81
SEVENTEEN MILE DRIVE, FOUR DAYS LATER, FRIDAY, LATE AFTERNOON
Dan put down the weight, picked up his shrilling cell phone, grimaced when he saw the caller ID.
“Yeah?” he said.
“You haven’t been into the office all week,” declared MackStack acidly. “You avoiding me?”
“Nope.”
“I’m getting a kinda disappointed feeling here, Jacobsen.”
“Why? Couldn’t get it up last night?”
“Cute. Nothing on Falcon, nothing juicy on ARk Storm. Professional failure kind of disappointment.”
Dan glanced at Gwen. She was lying on a bench, pressing 140 pounds. Sweat ran down her face and she was breathing hard. Her hair fell from the bench, tumbling toward the floor. Her muscles bulged and shone. Her bandage covered half her forearm. She wasn’t supposed to be working out. Had a blithely contemptuous attitude toward personal injury, which he shared, and loved. She looked to him like a warrior princess. She looked magnificent. And oblivious.
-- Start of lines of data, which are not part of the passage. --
Lemma PTE X : PT U V X = X - PTperp X.
Proof.
rewrite /PT; apply: xget_unique.
  split; first exact: inT_sub_PTperp.
  by move=> Z TZ; rewrite opprB addrC subrK; apply: trinner_inT_PTperp.
move=> Y [TY Y_orth]; set D := Y - (X - PTperp X).
have TD : inT U V D := inTB TY (inT_sub_PTperp X).
(* D lies in T and is orthogonal to both X - Y and PTperp X = (X - Y) + D. *)
have eD : D = PTperp X - (X - Y) by rewrite /D !opprB addrCA.
have : trinner D D = 0 by rewrite {2}eD trinnerBr trinner_inT_PTperp // Y_orth // subrr.
rewrite -frob_sqr => /eqP; rewrite sqrf_eq0 => /eqP/frob_eq0/eqP.
by rewrite subr_eq0 => /eqP.
Qed.

Lemma PTZ a X : PT U V (a *: X) = a *: PT U V X.
Proof. by rewrite !PTE /PTperp scalerBr -scalemxAr -scalemxAl. Qed.

Lemma frob_PT_le X : frob (PT U V X) <= frob X.
Proof.
rewrite PTE -(ler_pXn2r (n:=2)) ?nnegrE ?frob_ge0 // !frob_sqr.
have o : trinner (X - PTperp X) (PTperp X) = 0.
  exact/trinner_inT_PTperp/inT_sub_PTperp.
have := subrK (PTperp X) X; move: o; move: (PTperp X) (X - PTperp X) => B A o <-.
by rewrite trinnerDl !trinnerDr o trinnerC o addr0 add0r lerDl trinner_ge0.
Qed.

Lemma spec_bounded_UV_PTperp Z : spec_bounded Z 1 ->
  spec_bounded (U *m V^T + PTperp Z) 1.
Proof.
move=> Z1 x; rewrite mul1r vnorm_le.
set y := V^T *m x; set z := Z *m (compl_proj V *m x).
have -> : (U *m V^T + PTperp Z) *m x = U *m y + compl_proj U *m z.
  by rewrite mulmxDl /y /z /PTperp !mulmxA.
rewrite (dotv_compl_proj_split oU) (dotv_compl_proj_split oV x) -/y.
have -> : U^T *m (U *m y + compl_proj U *m z) = y.
  by rewrite mulmxDr mulmxA oU mul1mx mulmxA trmxU_compl_proj // mul0mx addr0.
have -> : compl_proj U *m (U *m y + compl_proj U *m z) = compl_proj U *m z.
  by rewrite mulmxDr !mulmxA compl_projU // !mul0mx add0r compl_proj_idem.
rewrite lerD2l.
apply: le_trans (dotv_compl_proj_le oU _) _; rewrite -vnorm_le.
by apply: le_trans (Z1 _) _; rewrite mul1r.
Qed.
Foreigner pumped from the speakers: “Dirty White Boy.” That was how Dan felt right now, and not in the good sense. He walked from the gym onto the lawn.
The sun was setting and the air was chill. Dan hunched in on himself.
“I get the feeling you’re getting sweet on the meteorologist,” murmured Mack, as if psychic. “It would be a shame,” he added silkily, “if she knew how you stage-managed your meeting with her. She might think you only got close to her to get close to her boss, to get yourself a story. Makes you a kind of prostitute in her eyes. Not to mention making a dupe of her.”
Dan stayed silent. Thought of fifty different ways to kill his editor.
“Stay on the job, Daniel. Deliver us what we need.”
“Adding blackmail to your box of tricks now, Mack?”
“What d’you mean, adding?”
Dan ended the call. He gazed out at the ocean: cool, blue, pure. It offered no comfort this time. He felt the darkness creep, remembered too much. The memories flooded back. No matter how hard you tried to wash your mind after a task, you never could. He shut his eyes. It would be so easy to pick up that mantle again, to do what he had done so effectively in years gone by for his country. He could do it for himself without a qualm. And, most likely, get away with it. What difference would it make to spill a little more blood?